Coincident with the observation that many plasmids share their host's dinucleotide composition is the fact that large plasmids seem to be more similar in genomic signature to their hosts than small plasmids (Figure 3). Even though our results are in contradiction with those of van Passel et al. (25) (Results section), they can be explained based on known plasmid biology. Large plasmids are often not self-transferable, and even difficult to mobilize with a helper plasmid by conjugation, or they have a narrow host range (4,50). They are also less likely than smaller plasmids to persist as intact molecules outside a cell or to be taken up by transformation. It seems likely therefore that large plasmids spend most of their evolutionary time in a single bacterial host. For example, Sinorhizobium meliloti megaplasmid pSymB (1 683 333 bp) is not self-transmissible, and has not been successfully cured from S. meliloti (51). It has been suggested that pSymB has acquired genes essential to the host's viability and that its genomic signature became similar to that of the main chromosome due to long-term residence in that host (20). Similarly, large Rhizobium sym plasmids were shown to be strongly associated with specific chromosomal types, suggesting limited horizontal transfer (52,53).
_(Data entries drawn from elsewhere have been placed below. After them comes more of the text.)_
Lemma integral_ac (f : T -> R) (S : set T) :
  mu.-integrable setT (EFin \o f) -> measurable S ->
  ac_additive (fun A => Rintegral mu (A `&` S) f).
Proof.
move=> intf mS; split => [A B mA mB AB | e e0].
  rewrite setIUl Rintegral_setU //; try exact: measurableI.
    by apply: integrableS intf => //; apply: measurableU; exact: measurableI.
  by apply/eqP; rewrite setIACA AB set0I.
have [del [del0 hdel]] := integral_normr_continuous intf e0.
exists del => // A mA Adel; have mAS : measurable (A `&` S) by exact: measurableI.
apply: le_lt_trans (le_normr_Rintegral _ _) _ => //; first exact: integrableS intf.
apply: hdel => //; rewrite [X in (X < _)%E](rmuE mAS) lte_fin; apply: le_lt_trans Adel.
by apply: le_rmu => //; exact: subIsetl.
Qed.

Lemma ac_setD nu A B : ac_additive nu -> measurable A -> measurable B ->
  B `<=` A -> nu (A `\` B) = nu A - nu B.
Proof.
move=> nuac mA mB BA; rewrite -[in nu A](setDUK BA) ac_additiveU //; first ring.
- exact: measurableD.
- by rewrite setDIK.
Qed.

Lemma ac_set0 nu : ac_additive nu -> nu set0 = 0.
Proof.
move=> nuac; have := ac_additiveU nuac measurable0 measurable0 (setI0 set0).
by rewrite setU0 => /eqP; rewrite -subr_eq subrr eq_sym => /eqP.
Qed.
Lemma region_of_shift (s : R) j : 0 <= s -> region_of a x (x + s *: lead_indicator j).
Proof.
move=> s0; have hxN := proj1 (arr_complE x) hx; have hcN := proj1 (dom_chamberE x) hc.
apply/(region_ofP _ hx); apply: preserve_sides => // i i' c hi hi' ii' hcc.
rewrite !(xatE _ hi) !(xatE _ hi') !mxE -!(xatE _ hi) -!(xatE _ hi').
have hc0 := wall_const_ge0 hcc; have hca := wall_const_le hcc.
case: (ltngtP i i') => hlt; last by rewrite hlt eqxx in ii'.
- have hm := nbig_mono x (ltnW hlt).
  case h1: (nbig x i < j)%N; case h2: (nbig x i' < j)%N; rewrite ?mulr1 ?mulr0.
  + split; lra.
  + have := gap_gt_of_nbig hc hlt hi' (ltac:(lia)); split; lra.
  + lia.
  + split; lra.
- have hm := nbig_mono x (ltnW hlt); have hlt' := hcN _ _ hlt hi.
  case h1: (nbig x i < j)%N; case h2: (nbig x i' < j)%N; rewrite ?mulr1 ?mulr0.
  + split; lra.
  + lia.
  + split; lra.
  + split; lra.
Qed.

(* Every difference of consecutive [lead_indicator]s is a row of
   [block_basis], and each [lead_indicator] is a recession direction. *)
Lemma region_tube_lower l : (l < L)%N -> ~ tube_dim (region_of a x) l.
Proof.
move=> hl [W [rW [r r0 H]]].
have vsub j : (lead_indicator j <= W)%MS.
  apply: (@tube_recession _ _ _ W x (lead_indicator j) r) => s s0; apply: H.
  exact: region_of_shift.
have rows (j : 'I_L) : (row j block_basis <= W)%MS.
  have -> : row j block_basis = lead_indicator j.+1 - lead_indicator j.
    apply/rowP => i; rewrite !mxE ltnS.
    by case: (ltngtP (nbig x i) j) => h;
      rewrite ?h ?eqxx ?subrr ?subr0 // ?ltn_eqF // ?gtn_eqF.
  by apply: addmx_sub; [exact: vsub | rewrite eqmx_opp; exact: vsub].
have := mxrankS (introT row_subP rows); rewrite rank_block_basis rW; lia.
Qed.

End Level.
Only 15% of plasmids tested here showed P < 0.05 (Figure 2) due to a high Mahalanobis distance with their known host, suggesting significantly different genomic signatures. If genome amelioration is a general process, our results imply that 15% of our plasmids were recently acquired by the hosts they were found in. Based on the analysis of plasmid size versus plasmid-host signature similarity (Figure 3), these dissimilar plasmids are relatively small (smaller than 63 kb, Supplementary Table S1). Since smaller plasmids have a higher probability of being mobilized or transformed, or of actively transferring by conjugation than very large plasmids, the strain they were found in may be only one of several recent hosts. The genomic signature analysis can thus generate hypotheses about the evolutionary history of plasmids, which can then be empirically tested. As more genome sequences of plasmids and their hosts become available, it should be possible in the near future to test the relationship between plasmid-host signature similarity and plasmid characteristics such as size, transferability and host range.

Another example of how the genomic signature analysis can be used to generate hypotheses about the evolutionary history of plasmids is shown in Table 1. The P-values for plasmid pXO1 and members of B. cereus sensu lato group (B. cereus, B. anthracis and B. thuringiensis) were greater than 0.95, suggesting that not only the known host (B. anthracis) but also the other species (B. cereus and B. thuringiensis) could be the hosts of plasmid pXO1. This finding is strongly supported by the following two facts. First, the different species comprising the B. cereus sensu lato group are largely defined by differences in plasmids, while the chromosomes have been shown to be similar in both gene content and gene order (54,55). Second, conjugation studies have shown that plasmid pXO1 can be transferred from B. anthracis to B. cereus (56). A second example, as shown in Table 2, is plasmid pO157, which was more similar in genomic signature to Y. pestis—the causative agent of plague—than its known host E. coli O157:H7. Moreover pO157 is very similar in genomic signature to plasmid pCD1 of Y. pestis (data not shown). These results led us to hypothesize that plasmid pO157 was acquired by E. coli O157:H7 from Y. pestis. This is supported by evidence for the transfer of genes (57) and plasmids (58) between E. coli and Y. pestis.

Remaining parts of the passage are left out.